I wanted Everton to beat Chelsea, and beat them they did; 3-2 with two goals from Martin Dobson and one from Andy King. I can remember nothing about them, though the celebration of them lived with me for months.

I’ve just looked at their fixtures that season and was astonished to learn that not only were Everton second in the league at that point, but were also unbeaten in November. In fact, they went unbeaten for 19 games until Coventry did for them two days before Christmas.

I can’t remember feeling that in the ground. I knew Everton were a decent outfit, but nothing so all conquering. Maybe their lot had been burned before and were suspicious of a good start. Maybe it was just typical that them across the park had chosen this season to provide one of the greatest sides in our/their history.

They ended up in fourth place, but any interest I had in them end had long since waned come May. I knew where my true loyalties lay.

I’ve often wondered if that game was Tom’s attempt to rid me of my Redness – to get me to the ‘School of Science’ first and use its trappings to cement an unswerving devotion.

Any hope of that ended when, on the bus home, I asked how Liverpool got on. They’d beaten QPR at Loftus Road with Ray Kennedy, already a hero, scoring the second in a 3-1 win. I punched the air at the news and asked if we could go to Anfield next as ‘they’ had Man City the following Saturday. His face fell and he was quiet for the rest of the journey home.

I’d be the same if any offspring of mine made eyes at them.

But Anfield had to wait for three more seasons. Just before my 13th birthday, Chee and I went to see the European Champions lose to a late Southampton goal. Anfield was quiet that day, but I didn’t care. Kevin Keegan played for Southampton and I got to see Kennedy, Souness and Dalglish on the same pitch. That pitch. The same rectangle. That, to coin a bloody awful phrase, meant more.

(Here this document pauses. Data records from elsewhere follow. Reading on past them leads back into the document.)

Lemma coherent_hom_image_gen (k : fieldType) (C : kcat k) (E : int -> ob C)
    (hC : klinear_cat C) (hcoh : coherent_seq E) (M : zmod (AE E)) (K : ob C) (b : int)
    (R : forall i, hom C (E i) K -> mc M i) :
  (forall i, i < b -> linear (R i)) ->
  (forall i j (v : hom C (E j) K) (h : hom C (E i) (E j)), i < j < b ->
     R i (comp v h) = act (R j v) (@AE_ofHom _ _ E i j h)) ->
  exists2 lo, lo <= b & forall i (v : hom C (E i) K), i < lo ->
    submod_gen (fun j z => lo <= j < b /\ exists w, z = R j w) (R i v).
Proof.
move=> R_lin R_comp; have [s [s_le [n Hn]]] := hcoh.2 K (b - 1).
have [lo /and3P[lon lob los]] := int_seq_lower_bound [:: n, b & s].
exists lo => // i v ilo; have [N [ts [fs [hs [ts_s ->]]]]] := Hn i (lt_le_trans ilo lon) v.
set W := fun j z => _; have [_ _ W_act] := submod_gen_submod W.
rewrite (lin_sum (R_lin i (lt_le_trans ilo lob))).
apply: (submod_sum (submod_gen_submod W)) => t.
have lo_ts : lo <= ts t := allP los _ (ts_s t).
have ts_b : ts t < b by have := allP s_le _ (ts_s t); lia.
rewrite R_comp; last by rewrite ts_b andbT; lia.
by apply: W_act; apply: submod_gen_sub; split; [rewrite lo_ts | exists (fs t)].
Qed.

Fixpoint dtuple_map (F G : int -> Type) (f : forall j, F j -> G j) js :
    dtuple F js -> dtuple G js :=
  if js is j :: js' then fun t => (f j t.1, @dtuple_map F G f js' t.2) else fun _ => tt.

Section Embedding.
Variables (k : fieldType) (C : kcat k) (E : int -> ob C).
Local Notation A := (AE E).

Definition embeds_in_hom (M : zmod A) (X : ob C) (n0 : int)
    (rho : forall i, mc M i -> hom C (E i) X) : Prop :=
  [/\ forall i, linear (rho i),
      forall i (y : mc M i), i < n0 -> rho i y = 0 -> y = 0
    & forall i j (g : mc M j) (a : AEc E i j), i < n0 ->
        rho i (act g a) = comp (rho j g) (AE_emb a)].

Lemma embeds_free_eval M X n0 rho (hr : @embeds_in_hom M X n0 rho)
    js (g : dtuple (@mc _ _ M) js) i (x : mc (Pfree A js) i) :
  i < n0 -> rho i (free_eval g x) = hom_eval (dtuple_map rho g) x.
Proof.
case: hr => rho_lin _ rho_act lt.
elim: js g x => [|j js IH] g x /=; first exact: lin0 (rho_lin i).
by rewrite (linD (rho_lin i)) rho_act // IH.
Qed.
End Embedding.
Arguments embeds_in_hom {k C E} M X n0 rho.

Section KernelsAreFinitelyGenerated.
Variables (k : fieldType) (C : kcat k) (E : int -> ob C).
Hypotheses (hAb : abelian C) (hE : homfin_seq E) (hcoh : coherent_seq E).
Local Notation A := (AE E).
Let hC : klinear_cat C. Proof. by case: hAb. Qed.

Variables (M : zmod A) (X : ob C) (n0 : int) (rho : forall i, mc M i -> hom C (E i) X).
Hypotheses (hM : module_axioms M) (hr : embeds_in_hom M X n0 rho).

Lemma ker_fg_of_embedding js (phi : zhom (Pfree A js) M) :
  is_zhom phi -> fg_sub (fun i (x : mc (Pfree A js) i) => hf phi x = 0).
Proof.
move=> hphi; set S := fun i x => _; have hS : graded_submod S := zhom_ker_submod hM hphi.
have [B [Phi [Psi [Lam [Phi_lin Phi_act PhiK Lam_eval]]]]] := Pfree_biproduct E hAb js.
have [g phi_g] := zhom_free_eval hC hM hphi.
pose f := Lam X (dtuple_map rho g).
have [b /andP[bn0 bjs]] := int_seq_lower_bound (n0 :: js).
have PhiKb i : i < b -> cancel (Phi i) (Psi i) /\ cancel (Psi i) (Phi i).
  by move=> ib; apply: PhiK; apply/allP => j /(allP bjs); lia.
have kerP i x : i < b -> S i x <-> comp f (Phi i x) = 0.
  move=> ib; have in0 : i < n0 by lia.
  case: hr => rho_lin rho_inj _.
  rewrite /S Lam_eval -(embeds_free_eval hr g x in0) -phi_g.
  by split=> [->|/(rho_inj _ _ in0)//]; exact: lin0 (rho_lin i).
have [K [u [fu0 u_univ]]] : exists K (u : hom C K B), is_kernel f u.
  by case: hAb => _ [_ [_ [Hker _]]]; apply: Hker.
pose R i (w : hom C (E i) K) := Psi i (comp u w).
have R_lin i : i < b -> linear (R i).
  move=> ib c v w; apply: (can_inj (PhiKb i ib).1).
  by rewrite /R (Phi_lin i c) !(PhiKb i ib).2 (comp_linr hC u c).
have R_comp i j v h : i < j < b -> R i (comp v h) = act (R j v) (@AE_ofHom _ _ E i j h).
  case/andP=> ij jb; have ib := lt_trans ij jb; apply: (can_inj (PhiKb i ib).1).
  by rewrite /R Phi_act (PhiKb i ib).2 (PhiKb j jb).2 (AE_ofHomK ij) (compmA hC).
have [lo lob lowgen] := coherent_hom_image_gen hC hcoh R_lin R_comp.
have [hi /andP[bhi hijs]] := int_seq_upper_bound (b :: js).
apply: (fg_sub_window (Pfree_axioms E hC js) (Pfree_finspan hE js) hS (lo := lo) (hi := hi)).
  by move=> i x hii _; apply: Pfree_high0; apply/allP => j /(allP hijs); lia.
move=> i x ilo Sx; have ib := lt_le_trans ilo lob.
have [v [uv _]] := u_univ _ (Phi i x) ((kerP i x ib).1 Sx).
have -> : x = R i v by rewrite /R uv (PhiKb i ib).1.
apply: submod_gen_mono (lowgen i v ilo) => j _ [/andP[loj jb] [w ->]].
split; first by rewrite loj /=; lia.
by apply/kerP => //; rewrite /R (PhiKb j jb).2 (compmA hC) fu0 (comp0m hC).
Qed.

Lemma coherent_of_embedding : fin_gen M -> coherent_mod M.
Proof. by move=> fgM; split=> // js phi; apply: ker_fg_of_embedding. Qed.
End KernelsAreFinitelyGenerated.

Section Gamma.
Variables (k : fieldType) (C : kcat k) (E : int -> ob C).
Hypothesis hC : klinear_cat C.
Variables (X : ob C) (m : int).
Local Notation Gm := (Gamma_le E m X).
Local Notation GT := (@G_to _ _ E X m _).
Local Notation GO := (@G_of _ _ E X m _).

Lemma G_toK i : i <= m -> cancel (@G_to _ _ E X m i) (@G_of _ _ E X m i).
Proof. by rewrite /G_of /G_to /Gc; case: (i <= m). Qed.

Lemma G_ofK i : i <= m -> cancel (@G_of _ _ E X m i) (@G_to _ _ E X m i).
Proof. by rewrite /G_of /G_to /Gc; case: (i <= m). Qed.

Lemma Gc_gt0 i (x : Gc E X m i) : m < i -> x = 0.
Proof. by move=> lt; move: x; rewrite /Gc leNgt lt => x; exact: Zl_eq0. Qed.

Lemma G_to_lin i : linear (@G_to _ _ E X m i).
Proof. by rewrite /G_to /Gc; case: (i <= m) => // c x y; rewrite scaler0 addr0. Qed.

Lemma G_of_lin i : linear (@G_of _ _ E X m i).
Proof. by rewrite /G_of /Gc; case: (i <= m) => // c x y; rewrite scaler0 addr0. Qed.

Lemma G_ofK_comp i j (x : Gc E X m j) (a : AEc E i j) :
  GT (GO (comp (GT x) (AE_emb a)) : Gc E X m i) = comp (GT x) (AE_emb a).
Proof.
case: (leP i m) => [im|mi]; first by rewrite G_ofK.
rewrite [GO _](Gc_gt0 _ mi) (lin0 (@G_to_lin i)).
case: (leP j m) => [jm|mj]; last by rewrite (Gc_gt0 x mj) (lin0 (@G_to_lin j)) (comp0m hC).
by rewrite (AEc_gt0 a (le_lt_trans jm mi)) AE_emb0 (compm0 hC).
Qed.

Lemma Gamma_axioms : module_axioms Gm.
Proof.
split=> /= [i j g c a b|i j a g h|i j l g b a|i g].
- by rewrite (AE_emb_lin c) (comp_linr hC _ c) (@G_of_lin i c).
- by rewrite (linD (@G_to_lin j)) (compmDl hC) (linD (@G_of_lin i)).
- by rewrite G_ofK_comp -(compmA hC) (AE_emb_mul hC).
- rewrite AE_emb_one (compm1 hC); case: (leP i m) => [im|mi]; first by rewrite G_toK.
  by rewrite (Gc_gt0 g mi) (lin0 (@G_to_lin i)) (lin0 (@G_of_lin i)).
Qed.
Theorem proposition4p9 (R : realType) (h k : nat)
  (M : 'M[R[i]]_h -> Prop) (N : 'M[R[i]]_k -> Prop)
  (V : 'M[R[i]]_(h * k) -> Prop) (P : 'M[R[i]]_((h * h) * (k * k))) :
  is_vNalg M -> is_vNalg N -> minimally_represented N ->
  quantum_multigraph M N V ->
  multi_edge_indicator M N V P ->
  positive_in (MMop M) (S_V P) /\
  (forall S, underlying V S <-> exists T, S = weaver2 (S_V P) T).
Proof.
move=> vNM _ _ _ [Ptens P_idem P_adj projP].
split=> [|S]; last by rewrite (underlying_orth_proj _ projP) range_ptrace_weaver4.
have subM := MMop_subalg vNM.
have := S_V_alg_tens subM Ptens; rewrite S_V_gram // => /(gram_sqrt_subalg subM).
by move=> [b Mb ->]; exists b; rewrite adjE.
Qed.
Lemma continuity_pt_lipschitz (f : R -> R) x : (forall a b, Rabs (f a - f b) <= Rabs (a - b)) -> continuity_pt f x.
Proof. intros H eps He. exists eps. split; auto. intros y [_ Hy]. simpl in *. unfold R_dist in *.
  eapply Rle_lt_trans. apply H. auto. Qed.
Lemma ppart_lip a b : Rabs (ppart a - ppart b) <= Rabs (a - b).
Proof. rewrite !ppart_eq. pose proof (Rabs_triang_inv a b). pose proof (Rabs_triang_inv b a).
  rewrite (Rabs_minus_sym b a) in H0. apply Rabs_le. split.
  - assert (Rabs a - Rabs b >= - Rabs (a - b)) by lra. pose proof (Rabs_Ropp (a - b)).
    pose proof (RRle_abs (a - b)). pose proof (RRle_abs (- (a - b))). rewrite H2 in H4. lra.
  - pose proof (RRle_abs (a - b)). pose proof (RRle_abs (- (a - b))). rewrite Rabs_Ropp in H2. lra. Qed.
Lemma npart_lip a b : Rabs (npart a - npart b) <= Rabs (a - b).
Proof. rewrite !npart_eq. pose proof (Rabs_triang_inv a b). pose proof (Rabs_triang_inv b a).
  rewrite (Rabs_minus_sym b a) in H0. apply Rabs_le. split.
  - pose proof (RRle_abs (a - b)). pose proof (RRle_abs (- (a - b))). rewrite Rabs_Ropp in H2. lra.
  - pose proof (RRle_abs (a - b)). pose proof (RRle_abs (- (a - b))). rewrite Rabs_Ropp in H2. lra. Qed.

Definition unit0 (i : nat) : R := if Nat.eqb i 0 then 1 else 0.

Lemma unit0_simplex n : (1 <= n)%nat -> (forall i, (i < n)%nat -> 0 <= unit0 i) /\ rsum n unit0 = 1.
Proof. intros Hn. split; [intros; unfold unit0; destruct (Nat.eqb i 0); lra|].
  rewrite (rsum_single n unit0 0) by (try lia; intros k _ Hk; unfold unit0; apply Nat.eqb_neq in Hk; rewrite Hk; auto).
  reflexivity. Qed.

Section MinimalCost.
Variables (I J : nat) (m : R) (xi zeta : nat -> R).
Hypothesis HI : (1 <= I)%nat.
Hypothesis HJ : (1 <= J)%nat.
Hypothesis Hm : m >= 1.
Hypothesis Hxi : forall i, (i < I)%nat -> xi i > 0.
Hypothesis Hzeta : forall j, (j < J)%nat -> zeta j > 0.

Notation rc := (rcost I J m xi zeta).

Lemma inU_unit0 : inU I J unit0 unit0.
Proof. destruct (unit0_simplex I HI), (unit0_simplex J HJ). repeat split; auto. Qed.

Lemma ex_cost_minimizer : exists ucs uss, inU I J ucs uss /\
   (forall uc us, inU I J uc us -> wpow m I xi ucs <= wpow m I xi uc /\ wpow m J zeta uss <= wpow m J zeta us).
Proof. destruct (wpow_ex_min m Hm I xi HI Hxi) as [ucs [[Hu0 Hu1] Hu2]].
  destruct (wpow_ex_min m Hm J zeta HJ Hzeta) as [uss [[Hv0 Hv1] Hv2]].
  exists ucs, uss. split; [repeat split; auto|].
  intros uc us [H1 [H2 [H3 H4]]]. split; [apply Hu2|apply Hv2]; split; auto. Qed.

Variables (ucs uss : nat -> R).
Hypothesis Hus : inU I J ucs uss.
Hypothesis Hmin : forall uc us, inU I J uc us ->
  wpow m I xi ucs <= wpow m I xi uc /\ wpow m J zeta uss <= wpow m J zeta us.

Tom would have been 75 last week. He died in 1996, the day before the final of Euro ‘96, following a short illness. He’d gone into hospital the previous Saturday with a suspected stomach ulcer, was diagnosed with lung cancer on the Wednesday and died three days later. He’d been allowed home for the weekend and passed away in his favourite armchair.

I’ve been thinking a lot about him recently. Maybe because I’m now the age he was when he left us, or maybe it’s because of this virus thing, I don’t know. I’d like to hear his take on the current situation.

He was one of those typical Scousers hewn in the 1960s. Often cynical when faced with blind optimism, but conversely light and upbeat when a conversation became dark. The viciousness of Lennon, the light-as-a-feather McCartney in one entity.

Jürgen’s right. These are the people we should look to, and if a few weeks off the match saves them then we’ll gladly live with the frustration of no footy.

Stay safe and look after those around you.